Buenos Aires Aos 71 anos, o ministro de Defesa Celso Amorim registra um recorde em sua história. Em 2009, quando era chanceler de Lula, a revista norte-americana Foreign Policy o chamou de “o melhor ministro de Relações Exteriores do mundo”. De viagem pela Argentina, onde firmou um acordo com seu colega Agustín Rossi para ampliar o trabalho conjunto, dialogou com o portal argentino Página 12 na residência do novo embaixador brasileiro Everton Vieira Vargas.

Você é ministro de Defesa, foi chanceler do presidente Itamar Franco e nos dois mandatos de Lula. O Brasil tem uma doutrina de defesa. Que relação há entre essa doutrina e a da Unasul, expressa nos documentos do Conselho Sul-americano de Defesa? Quais as diferenças, as semelhanças e os pontos comuns?

A Unasul é uma dimensão importante de nossa política de defesa, o que não quer dizer que outros países não possam ter visões diferentes. Em nossa região – e quando falo de região me refiro a América do Sul – nós achamos que deve reger a cooperação. A cooperação é a melhor forma de dissuasão. Portanto, todos os trabalhos da Unasul sobre criação de confiança, de cooperação industrial, de exercícios comuns, têm para nós um grande valor.

Não quero interpretar os demais países, mas acho que, se a cooperação vale para o Brasil, também é valiosa para os outros países. Quando se discute temas globais no mundo, o fato de que nossa região seja pacífica é um valor a favor extraordinário. Quando se fala da competitividade e se fala da capacidade de atração de investimentos, se trata de uma vantagem formidável para a paz. E isso também nos dá grande autoridade para falar de outros problemas no mundo. O Conselho Sul-americano de Defesa da Unasul é uma dimensão importante. Mas além disso acho que temos em comum uma série de interesses.

Talvez o mais evidente de todos seja a defesa dos recursos naturais. Somos uma região muito rica em energia, em capacidade de produção de alimentos, em água doce, em biodiversidade… Também somos uma região muito diversificada, desde o trópico mais equatorial até a Tierra del Fuego.

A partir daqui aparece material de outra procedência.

(* Let $\varrho=\{\varrho_{t,T}\}_{t\in[0,T]}$ be a dynamic risk measure which is stochastically conditionally time-consistent, normalized, and translation invariant. Then $\varrho$ is time consistent, i.e. $\varrho_{t,T}(Z_T)=\varrho_{t,T}\big(\varrho_{r,T}(Z_T)\big)$ for all $0\le t\le r\le T$ and all $Z_T\in\mathcal Z_T$, and $\varrho$ has the local property, i.e. $\varrho_{t,T}(\mathbf 1_A Z_T)=\mathbf 1_A\,\varrho_{t,T}(Z_T)$ for all $t\in[0,T]$, $Z_T\in\mathcal Z_T$ and $A\in\mathcal F_t$.
   Context: Let $\mathcal X$ be a finite state space, $T>0$, and $\{X_t\}_{0\le t\le T}$ a continuous-time Markov chain with values in $\mathcal X$, starting at a fixed state $x_0$, with transition function $Q_{t,r}(y|x)=P(X_r=y\mid X_t=x)$, $0\le t<r\le T$, $x,y\in\mathcal X$. The transition rates $G_t(y|x)=\lim_{\tau\downarrow0}\frac1\tau[Q_{t,t+\tau}(y|x)-\delta_x(y)]$ are assumed to exist, be finite and be uniformly bounded over $t\in[0,T]$ ($\delta_x(y)=1$ if $y=x$, $0$ otherwise). For $0\le t<r\le T$ and $\xi\in\mathcal X$, $\Xi^{\xi}_{t,r}$ denotes the space of piecewise-constant right-continuous paths $[t,r]\to\mathcal X$ starting at $\xi$ (with the $\sigma$-algebra generated by finite-dimensional cylinders), $P^{\xi}_{t,r}$ the law on it of the chain started at $\xi$ at time $t$, and $\Xi_{0,t}=\bigcup_{\xi}\Xi^{\xi}_{0,t}$. $\{\mathcal F_t\}$ is the filtration generated by $X$, and $\mathcal Z_t$ is the space of bounded $\mathcal F_t$-measurable random variables, each identified with a measurable functional of the path $\xi_{[0,t]}$. A conditional risk measure is a mapping $\varrho_{t,T}:\mathcal Z_T\to\mathcal Z_t$; a dynamic risk measure is a family $\varrho=\{\varrho_{t,T}\}_{t\in[0,T]}$ of them. It is normalized if $\varrho_{t,T}(0)=0$ for all $t$; translation invariant if $\varrho_{t,T}(Z_t+Z_T)=Z_t+\varrho_{t,T}(Z_T)$ for all $Z_t\in\mathcal Z_t$, $Z_T\in\mathcal Z_T$, $t\in[0,T]$. For a fixed history $\xi_{[0,t]}\in\Xi_{0,t}$ and $r\in[t,T]$, $\varrho_{r,T}(Z_T)\mid\xi_{[0,t]}$ denotes the random variable $\varrho_{r,T}(Z_T)$ regarded as a function of the path on $[t,r]$ that continues $\xi_{[0,t]}$, with the distribution induced by $P^{\xi_t}_{t,r}$; $\varrho_{t,T}(Z_T)(\xi_{[0,t]})$ denotes the value of $\varrho_{t,T}(Z_T)$ at the history $\xi_{[0,t]}$. For random variables $U,V$ (possibly on different probability spaces), $U\preceq_{\rm st}V$ means $P(U>\eta)\le P(V>\eta)$ for all $\eta\in\mathbb R$. The dynamic risk measure $\varrho$ is stochastically conditionally time-consistent if for all $0\le t\le r\le T$, all $\xi_{[0,t]}\in\Xi_{0,t}$ and all $Z_T,W_T\in\mathcal Z_T$, the relation $\varrho_{r,T}(Z_T)\mid\xi_{[0,t]}\preceq_{\rm st}\varrho_{r,T}(W_T)\mid\xi_{[0,t]}$ implies $\varrho_{t,T}(Z_T)(\xi_{[0,t]})\le\varrho_{t,T}(W_T)(\xi_{[0,t]})$. *)

From Stdlib Require Import Reals Lra List Classical ClassicalEpsilon
  FunctionalExtensionality PropExtensionality.
Open Scope R_scope.

Definition is_sigma_algebra {A : Type} (M : (A -> Prop) -> Prop) : Prop :=
  M (fun _ => True) /\
  (forall E, M E -> M (fun a => ~ E a)) /\
  (forall En : nat -> A -> Prop, (forall n, M (En n)) ->
     M (fun a => exists n, En n a)).

Definition generated {A : Type} (G : (A -> Prop) -> Prop) (E : A -> Prop) : Prop :=
  forall M, is_sigma_algebra M -> (forall F, G F -> M F) -> M E.

Definition is_prob_measure {A : Type} (M : (A -> Prop) -> Prop)
  (mu : (A -> Prop) -> R) : Prop :=
  (forall E, M E -> 0 <= mu E) /\
  mu (fun _ => True) = 1 /\
  (forall En : nat -> A -> Prop, (forall n, M (En n)) ->
     (forall n m a, n <> m -> En n a -> En m a -> False) ->
     Un_cv (fun N => sum_f_R0 (fun k => mu (En k)) N)
           (mu (fun a => exists n, En n a))).

Definition measurable_fun {A : Type} (M : (A -> Prop) -> Prop) (Z : A -> R) : Prop :=
  forall c : R, M (fun a => c < Z a).

Definition bounded_fun {A : Type} (Z : A -> R) : Prop :=
  exists K, forall a, Rabs (Z a) <= K.

Definition delta {X : Type} (x y : X) : R :=
  if excluded_middle_informative (x = y) then 1 else 0.

Definition indicator {A : Type} (E : A -> Prop) (a : A) : R :=
  if excluded_middle_informative (E a) then 1 else 0.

Contamos com oceanos dos dois lados. Tudo isso nos constitui como uma região que deve ter uma visão comum de defesa.

Uma defesa comum?

Não é necessária. O necessário é a visão comum. É o trabalho que também queremos desenvolver no Conselho Sul-americano de Defesa. Por isso estimulamos a criação de uma escola sul-americana de defesa. Temos pontos comuns evidentes, como os que mencionei antes. Também queremos encarar o monitoramento de nossas áreas especiais. Para o Brasil, a Amazônia é uma zona óbvia para cuidar, mas ao mesmo tempo falo do mar territorial ou de regiões especiais, que são fatores que podem propiciar uma cooperação.

Fala do Atlântico Sul e o litígio das Malvinas dentro do Atlântico Sul?

Bom, tem a ver com o Atlântico Sul. Nossa posição sobre as Malvinas é muito conhecida e não tenho necessidade de repeti-la. Defendemos sempre os direitos argentinos e uma solução negociada. Mas o Atlântico Sul, além do problema muito importante das Malvinas, apresenta outros problemas muito importantes. Há estradas chave. Chave para a Argentina, claro, mas como ministro de Defesa do Brasil falo de que uma proporção enorme de nosso comércio exterior vai pelo Atlântico. E nossos provedores de petróleo, porque ainda não conseguimos o auto abastecimento e também há diferentes tipos de petróleo cru, são a Nigéria, a Angola, a Argélia… O transporte, em todos os casos, passa pelo Atlântico Sul.

Além disso, como você sabe, o Brasil tem uma relação muito próxima com a África. É uma relação histórica que cobra mais e mais importância, o que nos leva a ter uma maior presença cultural e econômica. Outra razão mais, então, para preocuparmo-nos com o Atlântico Sul. Agora, queremos garantir a segurança do Atlântico Sul justamente com os países do Atlântico Sul.

Do ponto de vista geopolítico, é natural a cooperação dos países da costa ocidental da África e dos países da América do Sul. Todos conformam a zona de paz do Atlântico Sul. Por estes dias realizaremos, no Brasil, um seminário muito importante em Salvador, Bahia. A Argentina participará com um conferencista. Por isso queremos manter o Atlântico Sul como zona de paz, de cooperação, livre de armas de destruição massiva.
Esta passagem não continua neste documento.